THIS WARRANT AND THE SHARES OF COMMON STOCK ISSUABLE UPON EXERCISE OF THIS WARRANT HAVE NOT BEEN REGISTERED UNDER THE SECURITIES ACT OF 1933, AS AMENDED (THE “ACT”) OR ANY STATE SECURITIES LAWS, AND ARE “RESTRICTED SECURITIES” AS THAT TERM IS DEFINED...
EXHIBIT
10.47
THIS WARRANT AND THE SHARES OF COMMON STOCK ISSUABLE UPON EXERCISE OF THIS WARRANT HAVE NOT
BEEN REGISTERED UNDER THE SECURITIES ACT OF 1933, AS AMENDED (THE “ACT”) OR ANY STATE SECURITIES
LAWS, AND ARE “RESTRICTED SECURITIES” AS THAT TERM
IS DEFINED IN RULE 144 UNDER THE ACT. THE
SECURITIES MAY NOT BE SOLD, OFFERED FOR SALE, OR OTHERWISE TRANSFERRED UNLESS AND UNTIL REGISTERED
UNDER SAID ACT AND ANY APPLICABLE STATE SECURITIES LAWS, OR UPON RECEIPT BY THE COMPANY OF AN
OPINION OF COUNSEL SATISFACTORY TO THE COMPANY THAT SUCH REGISTRATION IS NOT REQUIRED.
Warrant
No. 092806-D
WARRANT TO PURCHASE SHARES OF COMMON STOCK ISSUE DATE: September 28, 2006 |
This
certifies that Xxxx Xxxxxx, M.D, an individual resident of the State of
Florida (or any valid Transferee thereof, the “Holder”), for value received, is entitled to
purchase from CytoCore, Inc., a Delaware corporation with its principal business office located at
000 Xxxxx Xxxxxxx Xxxxxx, Xxxxx 000, Xxxxxxx, Xxxxxxxx 00000 (together with its successors and
assigns, the “Company”), subject to the terms and conditions set forth below, at any time or from
time to time on and after the Issue Date as set forth above and before 3:00 p.m. (Eastern
Daylight Time) on September 28, 2011(the “Expiration Date”), Six Hundred and Twenty Five Thousand
(625,000) Shares of common stock, $0.001 par value per share, of the Company (“Common Stock”), at a price of
Twenty Cents ($0.20) per share. The shares purchasable upon exercise of this
Warrant, and the purchase price per share, each as adjusted from time to time pursuant to the
provisions of this Warrant, are hereinafter referred to as the “Warrant Shares” and the “Purchase
Price,” respectively.
(a)
Exercise.
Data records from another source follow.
Definition is_povm {O : finType} {n} (A : O -> 'M[C]_n) : Prop :=
  (forall x, psd (A x)) /\ \sum_(x : O) A x = 1%:M.

Definition induced_povm {O : finType} {n m} (I : O -> 'M[C]_n -> 'M[C]_m)
  (A : O -> 'M[C]_n) : Prop :=
  forall (x : O) (rho : 'M[C]_n), is_state rho -> \tr (A x *m rho) = \tr (I x rho).

(* a POVM as an instrument with output space C (= C^1) *)
Definition povm_ins {O : finType} {n} (A : O -> 'M[C]_n) : O -> 'M[C]_n -> 'M[C]_1 :=
  fun x rho => (\tr (A x *m rho))%:M.

(* a channel as a one-outcome instrument *)
Definition channel_ins {n m} (Phi : 'M[C]_n -> 'M[C]_m) : unit -> 'M[C]_n -> 'M[C]_m :=
  fun _ => Phi.

Definition postprocessing {O L : finType} {n k v}
  (I : O -> 'M[C]_n -> 'M[C]_k) (J : L -> 'M[C]_n -> 'M[C]_v) : Prop :=
  exists Rp : L -> O -> 'M[C]_v -> 'M[C]_k,
    (forall y, is_instrument (Rp y)) /\
    (forall (x : O) (rho : 'M[C]_n), I x rho = \sum_(y : L) Rp y x (J y rho)).

Definition ptrace2 {k v} (X : 'M[C]_(k * v)) : 'M[C]_k :=
  \matrix_(i, j) \sum_(b < v) X (mxtens_index (i, b)) (mxtens_index (j, b)).
Definition ptrace1 {k v} (X : 'M[C]_(k * v)) : 'M[C]_v :=
  \matrix_(i, j) \sum_(a < k) X (mxtens_index (a, i)) (mxtens_index (a, j)).

Definition compatible {O L : finType} {n k v}
  (I : O -> 'M[C]_n -> 'M[C]_k) (J : L -> 'M[C]_n -> 'M[C]_v) : Prop :=
  exists G : (O * L)%type -> 'M[C]_n -> 'M[C]_(k * v),
    [/\ is_instrument G,
        (forall (y : L) (rho : 'M[C]_n), is_state rho ->
           \sum_(x : O) ptrace1 (G (x, y) rho) = J y rho)
      & (forall (x : O) (rho : 'M[C]_n), is_state rho ->
           \sum_(y : L) ptrace2 (G (x, y) rho) = I x rho)].

End QuantumDefs.

(* Write I_x = \sum_y R^(y)_x o J_y.  Running J and then, on outcome y, the
   instrument R^(y) is an instrument with outcomes (x, y); keeping its output
   in K (x) C^1 makes it a joint instrument for I and A^J, because summing
   over x leaves tr J_y(rho) = tr[A^J(y) rho] and summing over y leaves I_x.
   Compatibility with a fixed second instrument survives forgetting the
   outcome of the first one (giving Phi^I) and tracing out its output space
   (giving A^I). *)

From mathcomp Require Import all_boot all_order all_algebra.
From mathcomp Require Import complex mxtens.
From mathcomp Require Import reals.

Set Implicit Arguments.
Unset Strict Implicit.
Unset Printing Implicit Defensive.

Import Order.TTheory GRing.Theory Num.Theory.
Local Open Scope ring_scope.

Lemma sum_prodE (V : nmodType) (I J : finType) (F : I * J -> V) :
  \sum_p F p = \sum_i \sum_j F (i, j).
Proof. by rewrite pair_bigA; apply: eq_bigr => -[]. Qed.

Section Instruments.
Variable C : numClosedFieldType.

Lemma psd_formE n (A : 'M[C]_n) (v : 'cV[C]_n) :
  (adjv v *m A *m v) 0 0 = \sum_p \sum_q Num.conj (v p 0) * A p q * v q 0.
Proof.
rewrite mxE exchange_big /=; apply: eq_bigr => q _.
by rewrite !mxE mulr_suml; apply: eq_bigr => p _; rewrite !mxE.
Qed.

(* [X (s p) (s q)] is the compression [S^* X S] by the 0/1 matrix of [s]. *)
Lemma psd_reindex n m (s : 'I_m -> 'I_n) (X : 'M[C]_n) :
  psd X -> psd (\matrix_(p, q) X (s p) (s q)).
Proof.
move=> psdX v; pose w : 'cV[C]_n := \col_i \sum_(p | s p == i) v p 0.
suff -> : (adjv v *m (\matrix_(p, q) X (s p) (s q)) *m v) 0 0
  = (adjv w *m X *m w) 0 0 by exact: psdX.
rewrite !psd_formE (partition_big s xpredT) //=; apply: eq_bigr => i _.
under [RHS]eq_bigr => j _ do rewrite mxE rmorph_sum !mulr_suml.
rewrite [RHS]exchange_big; apply: eq_bigr => p /eqP <-.
rewrite (partition_big s xpredT) //=; apply: eq_bigr => j _.
rewrite !mxE mulr_sumr; apply: eq_bigr => q /eqP <-.
by rewrite mxE.
Qed.

Lemma psd_sum (T : finType) n (F : T -> 'M[C]_n) :
  (forall i, psd (F i)) -> psd (\sum_i F i).
Proof.
move=> psdF v; rewrite mulmx_sumr mulmx_suml summxE.
by apply: sumr_ge0 => i _; apply: psdF.
Qed.

Lemma psd_mxtrace_ge0 n (A : 'M[C]_n) : psd A -> 0 <= \tr A.
Proof.
move=> psdA; apply: sumr_ge0 => i _.
have := psd_reindex (fun _ : 'I_1 => i) psdA (const_mx 1).
by rewrite psd_formE !big_ord1 !mxE rmorph1 mul1r mulr1.
Qed.

Lemma lin_map_comp n m l (f : 'M[C]_m -> 'M[C]_l) (g : 'M[C]_n -> 'M[C]_m) :
  lin_map f -> lin_map g -> lin_map (f \o g).
Proof. by move=> linf ling a X Y /=; rewrite ling linf. Qed.

Lemma lin_map_sum (T : finType) n m (f : T -> 'M[C]_n -> 'M[C]_m) :
  (forall i, lin_map (f i)) -> lin_map (fun X => \sum_i f i X).
Proof.
move=> linf a X Y; rewrite scaler_sumr -big_split /=.
by apply: eq_bigr => i _; apply: linf.
Qed.

Lemma block_ampl K n m (f : 'M[C]_n -> 'M[C]_m) (X : 'M[C]_(K * n)) a b :
  block a b (ampl f X) = f (block a b X).
Proof. by apply/matrixP => i j; rewrite !mxE !mxtens_indexK. Qed.

Lemma cp_comp n m l (f : 'M[C]_m -> 'M[C]_l) (g : 'M[C]_n -> 'M[C]_m) :
  completely_positive f -> completely_positive g ->
  completely_positive (f \o g).
Proof.
move=> cpf cpg K X psdX.
suff -> : ampl (f \o g) X = ampl f (ampl (k := K) g X) by exact/cpf/cpg.
by apply/matrixP => p q; rewrite !mxE block_ampl.
Qed.

Lemma cp_sum (T : finType) n m (f : T -> 'M[C]_n -> 'M[C]_m) :
  (forall i, completely_positive (f i)) ->
  completely_positive (fun X => \sum_i f i X).
Proof.
move=> cpf K X psdX.
suff -> : ampl (fun X => \sum_i f i X) X = \sum_i ampl (f i) X.
  by apply: psd_sum => i; apply: cpf.
by apply/matrixP => p q; rewrite mxE !summxE; apply: eq_bigr => i _; rewrite mxE.
Qed.

(* A one-dimensional ampliation of [f] is [f] up to relabelling the indices. *)
Lemma cp_psd n m (f : 'M[C]_n -> 'M[C]_m) X :
  completely_positive f -> psd X -> psd (f X).
Proof.
move=> cpf psdX.
pose X1 : 'M[C]_(1 * n) :=
  \matrix_(p, q) X (mxtens_unindex p).2 (mxtens_unindex q).2.
have block_X1 a b : block a b X1 = X.
  by apply/matrixP => i j; rewrite !mxE !mxtens_indexK.
suff -> : f X =
    \matrix_(i, j) ampl f X1 (mxtens_index (ord0, i)) (mxtens_index (ord0, j)).
  by apply/psd_reindex/cpf/psd_reindex.
by apply/matrixP => i j; rewrite !mxE block_X1 !mxtens_indexK.
Qed.

(* The Kraus sum [\sum_i S_i^* X S_i], [S_i] the 0/1 matrix of [s i]. *)
Definition sum_reindex n m (T : finType) (s : T -> 'I_m -> 'I_n) (X : 'M[C]_n)
  : 'M[C]_m :=
  \matrix_(p, q) \sum_i X (s i p) (s i q).

Lemma lin_map_sum_reindex n m (T : finType) (s : T -> 'I_m -> 'I_n) :
  lin_map (sum_reindex s).
Proof.
move=> a X Y; apply/matrixP => p q; rewrite !mxE mulr_sumr -big_split /=.
by apply: eq_bigr => i _; rewrite !mxE.
Qed.

Lemma psd_sum_reindex n m (T : finType) (s : T -> 'I_m -> 'I_n) X :
  psd X -> psd (sum_reindex s X).
Proof.
move=> psdX; suff -> : sum_reindex s X = \sum_i \matrix_(p, q) X (s i p) (s i q).
  by apply: psd_sum => i; apply: psd_reindex.
by apply/matrixP => p q; rewrite !mxE summxE; apply: eq_bigr => i _; rewrite mxE.
Qed.

Lemma cp_sum_reindex n m (T : finType) (s : T -> 'I_m -> 'I_n) :
  completely_positive (sum_reindex s).
Proof.
move=> K X psdX.
pose sK i (p : 'I_(K * m)) :=
  mxtens_index (n := n) ((mxtens_unindex p).1, s i (mxtens_unindex p).2).
suff -> : ampl (sum_reindex s) X = sum_reindex sK X by apply: psd_sum_reindex.
by apply/matrixP => p q; rewrite !mxE; apply: eq_bigr => i _; rewrite mxE.
Qed.

Lemma mxtrace_tensE k v (X : 'M[C]_(k * v)) :
  \tr X = \sum_a \sum_b X (mxtens_index (a, b)) (mxtens_index (a, b)).
Proof.
rewrite pair_bigA /mxtrace (reindex (@mxtens_index k v)) /=.
  by apply: eq_bigr => -[a b].
by exists (@mxtens_unindex k v) => p _; rewrite (mxtens_indexK, mxtens_unindexK).
Qed.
The Holder may, at the Holder’s option, elect to exercise this Warrant,
in whole or in part, at any time or from time to time on or after the Issue Date but prior to 3:00 p.m. (Eastern Daylight Time) on the Expiration Date, by surrendering this
Warrant, with the purchase form appended hereto as Exhibit I duly executed by or on behalf of the
Holder, at the principal office of the Company, or at such other office or agency as the Company
may designate, accompanied by payment in full, in lawful money of the United States, of the
Purchase Price payable in respect of the number of Warrant Shares purchased upon such exercise. In
no event shall any such exercise be for fewer than 10,000 Warrant Shares unless fewer than an
aggregate of 10,000 Warrant Shares are then purchasable under all outstanding Warrants held by the
Holder. Payment of the aggregate Purchase Price may be made in cash, certified or bank check, or
wire transfer of immediately available funds.
(b)
Exercise Date and Status as Holder of Shares. Each exercise of this Warrant shall be
deemed to have been effected immediately prior to the close of business on the day on which this
Warrant shall have been surrendered to the Company as provided in Subsection 1(a) above (the
“Exercise Date”). At such time, the person or persons in whose name or names any certificates for
Warrant Shares shall be issuable upon such exercise as provided in Subsection l(c) below shall be
deemed to have become the holder or holders of record of the Warrant Shares represented by such
certificates.
(c) Issuance of Certificates. As soon as practicable after the exercise of this Warrant in
whole or in part, and in any event within 10 business days thereafter, the Company, at its expense,
will cause to be issued in the name of, and delivered to, the Holder, or as the Holder (upon
payment by the Holder of any applicable transfer taxes) may direct:
(i) a certificate or certificates for the number of full Warrant Shares to which the Holder
shall be entitled upon such exercise plus, in lieu of any fractional share to which the Holder
would otherwise be entitled, cash in an amount determined pursuant to Section 3 hereof; and
(ii) in case such exercise is in part only, a new warrant or warrants (dated the date hereof)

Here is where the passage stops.